Bloggers everywhere I'm sure are ashamed of me especially Adam and Whipple in my ineptness to keep my blog current and up to date.
Tomorrow will essentially mark my final week working for Marble Slab @ Turkey Creek. It has been a good job but not without its frustrations and stresses. From there I look forward towards Wake Forest and Southeastern. At least I keep telling myself that hoping to convince myself if not already there. I do admit a little amount of trepidation but I just remember my first year at Carson-Newman and how I sat in my room and cried feeling like I was all alone in the world. Which brings me to my next point. Today I heard probably the best sermon that I have heard in a long long time. It was given in earnest by our upcoming Pastor Phillip Martin who eventually will fill the pulpit of Concord when Dr. Sager finally steps down. The words pierced my heart like a like an arrow and literally slapped me in the face at the same time.

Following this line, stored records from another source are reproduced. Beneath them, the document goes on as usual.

(* With p = (i, (X, Y)) and q = (i, (X', Y')): if Y = Y' then X :|: X' precedes Y,
   otherwise X or X' precedes Y :|: Y'. *)
Lemma card_pair_precedes_both_le p q :
  p \in edge_pairs -> q \in edge_pairs -> p != q ->
  #|[set s | pair_precedes s p && pair_precedes s q]| * 'C(3 * k, k)
    <= 2 * #|{perm T}| * (p.1 == q.1).
Proof.
move=> Ep Eq neqpq; have [same_family|] := eqVneq p.1 q.1; last first.
  move=> diff_family; suff -> : [set s | pair_precedes s p && pair_precedes s q] = set0.
    by rewrite cards0.
  apply/setP => s; rewrite !inE; apply/negP => /andP[precp precq].
  by move: diff_family; rewrite (pair_precedes_same_family Ep Eq precp precq) eqxx.
rewrite muln1; move: Ep Eq neqpq same_family.
case: p q => [i [X Y]] [j [X' Y']]; rewrite !inE /pair_precedes /= => Ep Eq neqpq eq_ij.
subst j; case/and3P: Ep => AX AY neXY; case/and3P: Eq => AX' AY' neXY'.
have card_union U V : U \in A i -> V \in A i -> U != V -> #|U :|: V| = 2 * k.
  move=> AU AV neUV; rewrite cardsU (disjoint_setI0 (edges_disjoint AU AV neUV)).
  by rewrite cards0 subn0 (edge_card AU) (edge_card AV) addnn -mul2n.
have [eqYY'|neYY'] := eqVneq Y Y'.
  subst Y'; have neXX' : X != X' by apply: contraNneq neqpq => ->.
  have := card_precedes_le (X :|: X') Y; rewrite card_union // (edge_card AY).
  rewrite -bin_sub ?leq_addr // addKn -mulSnr => le_M.
  apply: leq_trans (leq_trans le_M (leq_pmull _ _)) => //.
  rewrite leq_mul2r subset_leq_card ?orbT //; apply/subsetP => s; rewrite !inE.
  by case/andP; apply: precedesUl.
have le_M U : U \in A i ->
    #|[set s | precedes s U (Y :|: Y')]| * 'C(3 * k, k) <= #|{perm T}|.
  move=> AU; have := card_precedes_le U (Y :|: Y').
  by rewrite card_union // (edge_card AU) addnC -mulSnr.
pose before U := [set s | precedes s U (Y :|: Y')].
apply: leq_trans (_ : (#|before X| + #|before X'|) * 'C(3 * k, k) <= _).
  rewrite leq_mul2r (leq_trans _ (leq_card_setU _ _)) ?orbT //.
  apply/subset_leq_card/subsetP => s; rewrite !inE => /andP[precXY precX'Y'].
  case/orP: (precedes_cross precXY precX'Y') => [precXY'|precX'Y].
    by rewrite (precedesUr precXY precXY').
  by rewrite (precedesUr precX'Y precX'Y') orbT.
by rewrite mulnDl mul2n -addnn leq_add ?le_M.
Qed.

Lemma sum_card_preceding_pairs :
  (\sum_s #|preceding_pairs s|) * 'C(2 * k, k) = #|edge_pairs| * #|{perm T}|.
Proof.
under eq_bigr => s _ do rewrite -sum_nat_indicator.
rewrite exchange_big big_distrl -sum_nat_const /=; apply: eq_bigr => p Ep.
by rewrite -(card_pair_precedes Ep) (sum_nat_indicator predT).
Qed.

Lemma sum_pair_precedes_both_le p : p \in edge_pairs ->
  'C(3 * k, k) * \sum_(q in edge_pairs) \sum_s
      ((p != q) && pair_precedes s p && pair_precedes s q : nat)
    <= 2 * #|{perm T}| * (k * k).
Proof.
move=> Ep; rewrite big_distrr /=.
apply: leq_trans (_ : \sum_(q in edge_pairs) 2 * #|{perm T}| * (p.1 == q.1) <= _).
  apply: leq_sum => q Eq; have [<-|neqpq] := eqVneq p q.
    by rewrite big1 ?muln0 // => s _; rewrite eqxx.
  rewrite mulnC (leq_trans _ (card_pair_precedes_both_le Ep Eq neqpq)) // leq_mul2r.
  rewrite (sum_nat_indicator predT); apply/orP; right.
  by apply/subset_leq_card/subsetP => s; rewrite !inE.
rewrite -big_distrr leq_mul2l sum_nat_indicator; apply/orP; right.
apply: leq_trans (card_edge_pairs_at_le p.1); apply/subset_leq_card/subsetP => q.
by move=> /setIdP[Eq /eqP->]; rewrite inE Eq /=.
Qed.

Lemma sum_card_preceding_pairs_le :
  'C(3 * k, k) * \sum_s #|preceding_pairs s|
    <= 'C(3 * k, k) * #|{perm T}| + #|edge_pairs| * (2 * #|{perm T}| * (k * k)).
Proof.
pose distinct_pairs s := \sum_(p in edge_pairs) \sum_(q in edge_pairs)
  ((p != q) && pair_precedes s p && pair_precedes s q : nat).
apply: leq_trans (_ : 'C(3 * k, k) * \sum_s (1 + distinct_pairs s) <= _).
  by rewrite leq_mul2l leq_sum ?orbT // => s _; apply: card_le_distinct_pairs.
rewrite big_split sum1_card mulnDr leq_add2l exchange_big big_distrr -sum_nat_const.
apply: leq_sum => p Ep; rewrite exchange_big /=.
exact: sum_pair_precedes_both_le.
Qed.

Lemma card_edge_pairs_le :
  'C(3 * k, k) * #|edge_pairs| <=
    'C(2 * k, k) * 'C(3 * k, k) + 2 * k ^ 4 * 'C(2 * k, k) ^ 2.
Proof.
set N := #|edge_pairs|; set M := #|{perm T}|; set C2 := 'C(2 * k, k).
set C3 := 'C(3 * k, k); set S := \sum_s #|preceding_pairs s|.
have M_gt0 : 0 < M by apply/card_gt0P; exists 1%g.
have sumS : S * C2 = N * M := sum_card_preceding_pairs.
have leS : S <= M * (k * k).
  by rewrite /M -sum_nat_const leq_sum // => s _; apply: card_preceding_pairs_le.
have leN : N <= C2 * (k * k).
  rewrite -(leq_pmul2r M_gt0) -sumS [S * _]mulnC -mulnA leq_mul2l.
  by rewrite [_ * M]mulnC leS orbT.
have := sum_card_preceding_pairs_le; rewrite -/C3 -/S -/N -/M => le_C3S.
rewrite -(leq_pmul2r M_gt0).
apply: leq_trans (_ : C2 * (C3 * M + N * (2 * M * (k * k))) <= _).
  by rewrite -mulnA -sumS [S * _]mulnC mulnCA leq_mul2l le_C3S orbT.
rewrite mulnDr mulnDl mulnA leq_add2l.
apply: leq_trans (_ : C2 * (C2 * (k * k) * (2 * M * (k * k))) <= _).
  by rewrite leq_mul2l leq_mul2r leN !orbT.
by apply: eq_leq; ring.
Qed.

End CrossIntersectingMatching.

Lemma ffact_ratio n m : 3 ^ m * (2 * n) ^_ m <= 2 ^ m * (3 * n) ^_ m.
Proof.
elim: m => [|m IHm]; first by rewrite !ffactn0.
have step : 3 * (2 * n - m) <= 2 * (3 * n - m) by lia.
rewrite !ffactnSr !expnS ![_ ^_ m * _]mulnC mulnACA [2 * _ * _]mulnACA.
exact: leq_mul step IHm.
Qed.

Lemma binomial_ratio k : 'C(2 * k, k) * 3 ^ k <= 'C(3 * k, k) * 2 ^ k.
Proof.
rewrite -(leq_pmul2r (fact_gt0 k)) mulnAC bin_ffact [X in _ <= X]mulnAC bin_ffact.
by rewrite mulnC [X in _ <= X]mulnC ffact_ratio.
Qed.

Import Order.TTheory GRing.Theory Num.Theory.
Local Open Scope ring_scope.

Section GammaBound.
Variable R : realFieldType.

Lemma bernoulli_ineq (x : R) n : 0 <= x -> 1 + n%:R * x <= (1 + x) ^+ n.
Proof.
move=> x_ge0; elim: n => [|n IHn]; first by rewrite mul0r addr0 expr0.
have nx_ge0 : 0 <= n%:R * x by rewrite mulr_ge0.
rewrite exprS -natr1 (le_trans _ (ler_wpM2l _ IHn)) //; last lra.
by have := mulr_ge0 nx_ge0 x_ge0; nra.
Qed.

Definition gamma k : R := (2 * k ^ 4 * 'C(2 * k, k))%:R / ('C(3 * k, k))%:R.

Lemma gamma_le_geometric k :
  gamma k <= 2 * 10 ^+ 4 * (2 / 3 * (11 / 10) ^+ 4) ^+ k.
Proof.
have C3_gt0 : 0 < ('C(3 * k, k))%:R :> R by rewrite ltr0n bin_gt0 leq_pmull.
have le_ratio : ('C(2 * k, k))%:R / ('C(3 * k, k))%:R <= (2 / 3 : R) ^+ k.
  rewrite ler_pdivrMr // expr_div_n mulrAC ler_pdivlMr ?exprn_gt0 //.
  by rewrite -!natrX -!natrM ler_nat [X in (_ <= X)%N]mulnC binomial_ratio.
have le_k : k%:R <= 10 * (11 / 10) ^+ k :> R.
  have := @bernoulli_ineq (1 / 10) k; rewrite (_ : 1 + 1 / 10 = 11 / 10); lra.
have le_k4 : k%:R ^+ 4 <= (10 * (11 / 10) ^+ k) ^+ 4 :> R.
  by rewrite lerXn2r ?nnegrE ?(le_trans (ler0n _ k)).
have -> : 2 * 10 ^+ 4 * (2 / 3 * (11 / 10) ^+ 4) ^+ k =
          2 * ((10 * (11 / 10) ^+ k) ^+ 4 * (2 / 3) ^+ k) :> R.
  move: (2 / 3 : R) (11 / 10 : R) => a b.
  by rewrite !exprMn; ring.
have -> : gamma k = 2 * (k%:R ^+ 4 * (('C(2 * k, k))%:R / ('C(3 * k, k))%:R)).
  by rewrite /gamma natrM [(2 * _)%:R]natrM natrX; ring.
by rewrite ler_pM2l ?ltr0n // ler_pM ?exprn_ge0 ?divr_ge0.
Qed.

Lemma ler_nat_one_add_gamma n k :
  ('C(3 * k, k) * n <= 'C(2 * k, k) * 'C(3 * k, k) + 2 * k ^ 4 * 'C(2 * k, k) ^ 2)%N ->
  n%:R <= (1 + gamma k) * ('C(2 * k, k))%:R.
Proof.
have C3_gt0 : 0 < ('C(3 * k, k))%:R :> R by rewrite ltr0n bin_gt0 leq_pmull.
move=> le_n; rewrite -(ler_pM2l C3_gt0) -natrM.
apply: le_trans (_ : _ <= ('C(2 * k, k) * 'C(3 * k, k) + 2 * k ^ 4 * 'C(2 * k, k) ^ 2)%:R) _.
  by rewrite ler_nat.
rewrite /gamma natrD !natrM le_eqVlt; apply/orP; left; apply/eqP; field.
by rewrite lt0r_neq0.
Qed.

End GammaBound.

Theorem lemma2p1 (R : realType) :
  exists gamma : nat -> R,
    (forall k, (2 <= k)%N -> 0 <= gamma k) /\
    (exists C q : R, 0 < C /\ 0 < q /\ q < 1 /\
       forall k, (2 <= k)%N -> gamma k <= C * q ^+ k) /\
    (forall (k t : nat) (T : finType) (A : 'I_t -> {set {set T}}),
       (2 <= k)%N ->
       cross_intersecting_matching k A ->
       (\sum_(i < t) (#|A i| * (#|A i| - 1))%:R : R)
         <= (1 + gamma k) * ('C(2 * k, k))%:R).
Proof.
exists (@gamma R); split; first by move=> k _; rewrite divr_ge0.
split.
  exists (2 * 10 ^+ 4), (2 / 3 * (11 / 10) ^+ 4).
  do 3 (split; first by rewrite !exprS expr0; lra).
  by move=> k _; apply: gamma_le_geometric.
move=> k t T A _ matchingA.
rewrite -natr_sum -card_edge_pairs.
exact/ler_nat_one_add_gamma/card_edge_pairs_le.
Qed.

sitting there in that room it finally made sense why I was so worried about moving here in a couple of weeks. My dependency was on myself and and not fully on God. I had it in me that I could do it myself. Like so many times before and this seems to be a lesson that God and I seem to revert back to is that I need him and apart from Him I can do nothing.
If you have some free time this week or even after reading this go and listen and or watch this sermon and see if it doesn't touch you in the same way it did me. Maybe it will or maybe God has a different word for wrapped up in it. God says some many things to some many people just through one message I've come to learn in 24 years of life.
Here
2 comments:
no one is ashamed of ya, bro! you'll have much more fodder to post about once you start the new school year...
You do know that you'll have to give me your snail mail address for school. As cool as email is, I'm a bigger fan of letters.
I'm ashamed of you. You once told me you were able to fly. Liar.